What can he say? What words will possibly make this right for Dean? He can’t say, _this is a miracle._ He can’t say, _I don’t know why, but somehow—somehow there’s a power up there who has looked at me and said, “I’ve seen you, Sam, I’ve seen the road you’ve been on and the things you’ve given up, and I’ve heard you pray your heart out every day of your life since you first knew how to fold your hands, and I forgive you for the lives you’ve taken and the wrong turns you’ve made, because (somehow, despite everything) you are precious to me, and there is the spark of goodness in you.”_

He can’t say, _God reached down and touched my hands and feet and said, “Here is your reward for faith; I love you, and I choose you,” for some reason that I can’t figure out because of how nothing I am.
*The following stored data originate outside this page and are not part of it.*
(* For any finite families $(a_i)_{i\in I}$, $(a'_i)_{i\in I}$, $(b_j)_{j\in J}$ in $L$: (i) for every computation rule $\langle\cdot\rangle$, $\bigwedge_{i\in I}a_i\le\langle\bigoplus_{i\in I}a_i\rangle\le\bigvee_{i\in I}a_i$; (ii) the splitting rule $\langle\cdot\rangle^+_-$ and the strong rule $\langle\cdot\rangle_0$ are isotone: if $a_i\le a'_i$ for all $i\in I$, then $\langle\bigoplus_{i\in I}a_i\rangle\le\langle\bigoplus_{i\in I}a'_i\rangle$; (iii) for the splitting rule, either $|\langle(\bigoplus_{i\in I}a_i)\oplus(\bigoplus_{j\in J}b_j)\rangle^+_-|\ge|\langle\bigoplus_{i\in I}a_i\rangle^+_-|$ or $\langle(\bigoplus_{i\in I}a_i)\oplus(\bigoplus_{j\in J}b_j)\rangle^+_-=\mathbb{O}$, where the left-hand expression denotes the rule applied to the concatenated family of all $a_i$ and $b_j$.
   Context: Let $(L^+,\le)$ be a totally ordered set with bottom $\mathbb{O}$ and top $\mathbb{1}$. Let $L^-=\{-a:a\in L^+\}$ be a disjoint copy with reversed order, $L=L^+\cup L^-$ with $-\mathbb{O}=\mathbb{O}$, totally ordered with $L^-$ below $L^+$; $-(-a)=a$; $|a|=a$ on $L^+$, $|a|=-a$ on $L^-$. Symmetric maximum: $a\oplus b=\mathbb{O}$ if $b=-a$, otherwise the one of $a,b$ with larger absolute value. A finite family $(a_i)_{i\in I}$ fulfills associativity if $|I|\le2$ or $\bigvee_i a_i\ne-\bigwedge_i a_i$; then $\bigoplus_{i\in I}a_i$ is independent of parenthesization (empty $\oplus$ is $\mathbb{O}$). A computation rule $\langle\cdot\rangle$ assigns to every finite family a set $J\subseteq I$ of deleted indices such that $(a_i)_{i\in I\setminus J}$ fulfills associativity and such that the deletion is the result of a suitable arrangement of parentheses in $\bigoplus_{i\in I}a_i$; $\langle\bigoplus_{i\in I}a_i\rangle:=\bigoplus_{i\in I\setminus J}a_i$. Splitting rule: deletes nothing if the family fulfills associativity, everything otherwise (equivalently, its value is $(\bigvee_{a_i\ge\mathbb{O}}a_i)\oplus(\bigwedge_{a_i<\mathbb{O}}a_i)$, empty sup/inf being $\mathbb{O}$). Strong rule: repeatedly deletes one occurrence of $a$ and one of $-a$, where $a=\bigvee a_i=-\bigwedge a_i$ in the current family, until associativity holds. *)

From mathcomp Require Import all_boot all_order.
Set Implicit Arguments. Unset Strict Implicit. Unset Printing Implicit Defensive.
Import Order.TTheory.
(* Let $m,k$ be positive integers. Define on $\mathbb{F}_{2^m}\times\mathbb{F}_{2^m}$ \[f_1(x,y)=(x^{2^k+1}+xy^{2^k}+y^{2^k+1},\;x^{2^{2k}+1}+x^{2^{2k}}y+y^{2^{2k}+1}),\] \[f_2(x,y)=(x^{2^k+1}+xy^{2^k}+y^{2^k+1},\;x^{2^{3k}}y+xy^{2^{3k}}).\] If $\gcd(3k,m)=1$, then $f_1$ is an almost-3-to-1 APN map. If $\gcd(3k,m)=1$ and $m$ is odd, then $f_2$ is an almost-3-to-1 APN map.
   Context: A map $F$ on $\mathbb{F}_{2^m}\times\mathbb{F}_{2^m}$ (an $\mathbb{F}_2$-vector space) is APN if for every nonzero $a$ and every $b$ the equation $F(z+a)+F(z)=b$ has at most 2 solutions. $F$ is almost-3-to-1 if there is a unique element of its image with exactly one preimage and every other element of the image has exactly 3 preimages. *)

From mathcomp Require Import all_boot all_algebra all_field.
Set Implicit Arguments. Unset Strict Implicit. Unset Printing Implicit Defensive.
Import GRing.Theory.
Local Open Scope ring_scope.

Definition APN2 (F : finFieldType) (f : F * F -> F * F) : Prop :=
  forall (a b : F * F), (a != 0)%R ->
    (#|[set z : F * F | ((f (z + a)) + f z)%R == b]| <= 2)%N.

Definition almost_3_to_1 (T : finType) (f : T -> T) : Prop :=
  exists y0 : T,
    [/\ y0 \in codom f,
        #|[set z | f z == y0]| = 1%N &
        forall y, y \in codom f -> y != y0 -> #|[set z | f z == y]| = 3%N].

Definition f1 (F : finFieldType) (k : nat) (p : F * F) : F * F :=
  let: (x, y) := p in
  (x ^+ (2 ^ k + 1) + x * y ^+ (2 ^ k) + y ^+ (2 ^ k + 1),
   x ^+ (2 ^ (2 * k) + 1) + x ^+ (2 ^ (2 * k)) * y + y ^+ (2 ^ (2 * k) + 1)).

Definition f2 (F : finFieldType) (k : nat) (p : F * F) : F * F :=
  let: (x, y) := p in
  (x ^+ (2 ^ k + 1) + x * y ^+ (2 ^ k) + y ^+ (2 ^ k + 1),
   x ^+ (2 ^ (3 * k)) * y + x * y ^+ (2 ^ (3 * k))).

From mathcomp Require Import all_boot all_algebra all_field.
From mathcomp Require Import ring.
Set Implicit Arguments. Unset Strict Implicit. Unset Printing Implicit Defensive.
Import GRing.Theory.
Local Open Scope ring_scope.

(* Let F be a field with 2^m elements, q = 2^k, and write x^[j] for the
   Frobenius power x ^+ 2^j.  Both maps have the shape
     f1 = (Q_k(x,y), Q_2k(y,x)),   f2 = (Q_k(x,y), B_3k(x,y)),
   where Q_j(x,y) = x^[j] x + x y^[j] + y^[j] y and B_j(x,y) = x^[j] y + x y^[j].  If f on F x F is
      invariant under the order-3 map rot (x,y) = (y,x+y), bihomogeneous, and
      its polar form D_a(z) = f(z+a) + f(z) + f(a) is additive in z with kernel
      {0, (c,1)} at every a = (c,1), then every kernel of D_a (a <> 0) is {0,a};
      hence f is APN, and its fibres are exactly the rot-orbits, so f is
      almost 3-to-1.
   2. Anisotropy (Section Anisotropy).  When gcd(3j,m) = 1 the form Q_j has no
      nontrivial zero; consequently a q-linear relation whose coefficients are
      values of Q_j on two vectors (a,g), (b,d) with ad + bg <> 0 forces t = 0.
   3. Kernels (Section Kernels).  Writing x = e + c y, the equations
      D_(c,1)(x,y) = 0 become q-linear equations in e; eliminating y yields such
      an anisotropic relation, so e = 0 and then y is in F_2. *)

Section Char2Ring.
Variable R : comNzRingType.
Hypothesis pchar2 : 2 \in [pchar R].

Lemma char2_consts : [/\ (2%:R : R) = 0, (3%:R : R) = 1 & (4%:R : R) = 0].
Proof.
have two0 : (2%:R : R) = 0 := pcharf0 pchar2.
by split; rewrite ?(natrD _ 2 1) ?(natrD _ 2 2) two0 ?add0r.
Qed.

Lemma char2_eq (x y : R) : x + y = 0 -> x = y.
Proof. by move/eqP; rewrite addr_eq0 oppr_pchar2 // => /eqP. Qed.

Definition frob (n : nat) (x : R) : R := x ^+ (2 ^ n).

Lemma frobD n x y : frob n (x + y) = frob n x + frob n y.
Proof. by apply: exprDn_pchar; rewrite pnatX (pnatE _ (pcharf_prime pchar2)) pchar2. Qed.

Lemma frobM n x y : frob n (x * y) = frob n x * frob n y.
Proof. exact: exprMn. Qed.

Lemma frob1 n : frob n 1 = 1.
Proof. exact: expr1n. Qed.

Lemma frob0 n : frob n 0 = 0.
Proof. by rewrite /frob expr0n expn_eq0. Qed.

Lemma frob_add n p x : frob (n + p) x = frob p (frob n x).
Proof. by rewrite /frob -exprM -expnD. Qed.

Lemma frob_twice n x : frob (2 * n) x = frob n (frob n x).
Proof. by rewrite mul2n -addnn frob_add. Qed.

Lemma frob_thrice n x : frob (3 * n) x = frob n (frob n (frob n x)).
Proof. by rewrite mulSn frob_add frob_twice. Qed.

Definition qform (j : nat) (x y : R) : R := frob j x * x + x * frob j y + frob j y * y.

Definition qpolar (j : nat) (a b x y : R) : R :=
  a * frob j x + (frob j a + frob j b) * x + frob j b * y + (a + b) * frob j y.

Definition bform (j : nat) (x y : R) : R := frob j x * y + x * frob j y.

Definition bpolar (j : nat) (a b x y : R) : R :=
  frob j x * b + frob j a * y + x * frob j b + a * frob j y.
And here I am, bleeding, and I love it, and I want to bleed dry if I can, if He’ll let me, because—somehow, somehow, I’m holy, Dean._

_I have never been holy before._

He can’t say any of that because none of it will make sense to Dean, slumped in the chair next to the nightstand. Dean can’t see the goodness in the hurt. Dean can’t understand the peace these four and a half weeks have given Sam—has only washed the wounds and brushed them off, has never seen Sam lying there in bandages near in tears because he can feel that the road is shortening, and is realising that he’s running the home stretch, and that the finish line is carved in golden ecstasy and he has never wanted any prize more. Dean can’t understand what this means to him.

That God has smiled on him, finally, and absolved him, and given him what he has always wanted. Redemption. Proof—

Proof that he can be saved.

“Sammy,” Dean says, though not with anger now; he leans forward in his seat, anxiety quashed down by the sad bow in his little brother’s shoulder, the way it’s obvious that Sam is fighting to find the right words.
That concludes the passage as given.